** Stored data entries **
(* Expanding [prob A] and [prob B] over atoms [b], [b'], the [(a, b, b')] term
   factors as [X b b' * Y a b b']; summing [Y] over [a] gives at most 1, and
   summing [X] over [b'] gives at most [fst b]. *)
Lemma sumR_prob_ratio_le_1 :
  sumR (map (fun a => fst a * (prob m d A (snd a) * prob m d B (snd a) /
     (prob m d U (snd a) * prob m d C (snd a)))) d) <= 1.
Proof.
  set (X := fun b b' : R * (nat -> nat) =>
    (if agree m C (snd b') (snd b) then fst b' else 0) * (fst b * / prob m d C (snd b))).
  set (Y := fun a b b' : R * (nat -> nat) =>
    if agree m A (snd b) (snd a) && agree m B (snd b') (snd a)
    then fst a * / prob m d U (snd a) else 0).
  assert (Hexpand : forall a, In a d ->
    fst a * (prob m d A (snd a) * prob m d B (snd a) /
      (prob m d U (snd a) * prob m d C (snd a)))
    = sumR (map (fun b => sumR (map (fun b' => X b b' * Y a b b') d)) d)).
  { intros a Ha.
    transitivity (prob m d A (snd a) * prob m d B (snd a) *
      (fst a / (prob m d U (snd a) * prob m d C (snd a)))); [unfold Rdiv; ring|].
    unfold prob at 1 2. rewrite sumR_map_mult, <- sumR_map_mult_r.
    apply sumR_map_ext. intros b Hb. rewrite <- sumR_map_mult_r.
    apply sumR_map_ext. intros b' Hb'. unfold X, Y.
    destruct (agree m A (snd b) (snd a)) eqn:EA, (agree m B (snd b') (snd a)) eqn:EB;
      simpl; try ring.
    assert (ECa : agree m C (snd b) (snd a) = true).
    { apply (agree_sub _ A); [intros i; rewrite HC; apply andb_prop|exact EA]. }
    assert (ECb : agree m C (snd b') (snd b) = true).
    { apply (agree_trans _ _ _ (snd a)); [|now apply agree_sym].
      apply (agree_sub _ B); [intros i; rewrite HC; apply andb_prop|exact EB]. }
    rewrite ECb, (prob_agree _ _ _ _ _ ECa). unfold Rdiv. rewrite Rinv_mult. ring. }
  rewrite (sumR_map_ext _ _ _ Hexpand), sumR_map_exchange, <- Hsum.
  apply sumR_map_le. intros b Hb. rewrite sumR_map_exchange.
  apply Rle_trans with (sumR (map (fun b' => X b b') d)).
  - apply sumR_map_le. intros b' Hb'. rewrite sumR_map_mult_l.
    assert (0 <= X b b').
    { apply Rmult_le_pos; [destruct agree; auto; lra|].
      apply Rmult_le_pos; [auto|apply Rinv_nonneg, prob_nonneg]. }
    assert (Hglued : sumR (map (fun a => Y a b b') d) <= 1) by apply sumR_glued_le_1.
    nra.
  - unfold X. rewrite sumR_map_mult_r. fold (prob m d C (snd b)).
    assert (0 <= fst b) by auto. assert (Hi := prob_mul_inv_le_1 C (snd b)). nra.
Qed.

Lemma entropy_submodular : H m d U + H m d C <= H m d A + H m d B.
Proof.
  assert (Hratio := sumR_prob_ratio_le_1).
  set (P := fun (E : nat -> bool) (a : R * (nat -> nat)) => prob m d E (snd a)) in Hratio.
  assert (Hle : sumR (map (fun a => (fst a * ln (P A a) + fst a * ln (P B a))
      - (fst a * ln (P U a) + fst a * ln (P C a))) d)
    <= sumR (map (fun a => fst a * (P A a * P B a / (P U a * P C a)) - fst a) d)).
  { apply sumR_map_le. intros a Ha. destruct (Rle_lt_or_eq_dec 0 (fst a) (Hnn a Ha)) as [Hpos|<-].
    - assert (fst a <= P A a /\ fst a <= P B a /\ fst a <= P U a /\ fst a <= P C a)
        by (unfold P; repeat split; apply prob_ge_atom, Ha).
      assert (Hln : ln (P A a) + ln (P B a) - (ln (P U a) + ln (P C a))
        <= P A a * P B a / (P U a * P C a) - 1) by (apply ln_ratio_le; lra).
      assert (Hmul : fst a * (ln (P A a) + ln (P B a) - (ln (P U a) + ln (P C a)))
        <= fst a * (P A a * P B a / (P U a * P C a) - 1)) by (apply Rmult_le_compat_l; lra).
      lra.
    - lra. }
  rewrite sumR_map_sub, !sumR_map_add, sumR_map_sub, Hsum in Hle.
  unfold H, P in *. lra.
Qed.

End Submodularity.

Definition prefix (s : nat) : nat -> bool := fun i => Nat.ltb i s.

Lemma card_INR m (P : nat -> bool) :
  INR (card m P) = sumR (map (fun i => if P i then 1 else 0) (seq 0 m)).
Proof.
  unfold card. induction (seq 0 m) as [|a l IH]; simpl; [reflexivity|].
  destruct (P a); simpl length; rewrite ?S_INR, IH; ring.
Qed.

Lemma card_le m P : (card m P <= m)%nat.
Proof. unfold card. rewrite <- (length_seq m 0) at 2. apply filter_length_le. Qed.

Lemma card_true m : card m (fun _ => true) = m.
Proof. unfold card. rewrite filter_true, length_seq. reflexivity. Qed.

Lemma card_prefix m s : (s <= m)%nat -> card m (prefix s) = s.
Proof.
  intros Hs. unfold card, prefix.
  replace m with (s + (m - s))%nat by lia. rewrite seq_app, filter_app.
  rewrite (filter_ext_in _ (fun _ => true) (seq 0 s)),
    (filter_ext_in _ (fun _ => false) (seq (0 + s) (m - s))).
  - rewrite filter_true, filter_false, app_nil_r, length_seq. reflexivity.
  - intros i Hi. rewrite in_seq in Hi. apply Nat.ltb_ge. lia.
  - intros i Hi. rewrite in_seq in Hi. apply Nat.ltb_lt. lia.
Qed.

Lemma card_eqb m j : (j < m)%nat -> card m (fun i => Nat.eqb i j) = 1%nat.
Proof.
  intros Hj. unfold card.
  replace m with (j + S (m - S j))%nat by lia. rewrite seq_app, filter_app. simpl.
  rewrite (filter_ext_in _ (fun _ => false) (seq 0 j)),
    (filter_ext_in _ (fun _ => false) (seq (S j) _)).
  - rewrite !filter_false, Nat.eqb_refl. reflexivity.
  - intros i Hi. rewrite in_seq in Hi. apply Nat.eqb_neq. lia.
  - intros i Hi. rewrite in_seq in Hi. apply Nat.eqb_neq. lia.
Qed.

Lemma card_orb_disjoint m (P Q : nat -> bool) :
  (forall i, P i && Q i = false) -> card m (fun i => P i || Q i) = (card m P + card m Q)%nat.
Proof.
  intros Hdisj. unfold card. induction (seq 0 m) as [|a l IH]; simpl; [reflexivity|].
  specialize (Hdisj a). destruct (P a), (Q a); simpl in *; try discriminate; lia.
Qed.

Lemma partition_card_sum m k c : is_partition m k c ->
  sumR (map (fun j => INR (card m (cell c j))) (seq 0 k)) = INR m.
Proof.
  intros [Hc _].
  rewrite (sumR_map_ext _ _ (fun j => sumR (map (fun i => if cell c j i then 1 else 0) (seq 0 m))))
    by (intros j _; apply card_INR).
  rewrite sumR_map_exchange, (sumR_map_ext _ _ (fun _ => 1)), sumR_map_const, length_seq; [ring|].
  intros i Hi. rewrite in_seq in Hi. unfold cell.
  rewrite (sumR_map_ext _ _ (fun j => if Nat.eqb j (c i) then 1 else 0))
    by (intros j _; rewrite Nat.eqb_sym; reflexivity).
  rewrite <- card_INR, card_eqb; [reflexivity|]. apply Hc. lia.
Qed.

** WHAT THE TASK ASKS **
Wherever the string "cell" appears in the data above, report the whole line.

** OUTPUT **
  sumR (map (fun j => INR (card m (cell c j))) (seq 0 k)) = INR m.
  rewrite (sumR_map_ext _ _ (fun j => sumR (map (fun i => if cell c j i then 1 else 0) (seq 0 m))))
  intros i Hi. rewrite in_seq in Hi. unfold cell.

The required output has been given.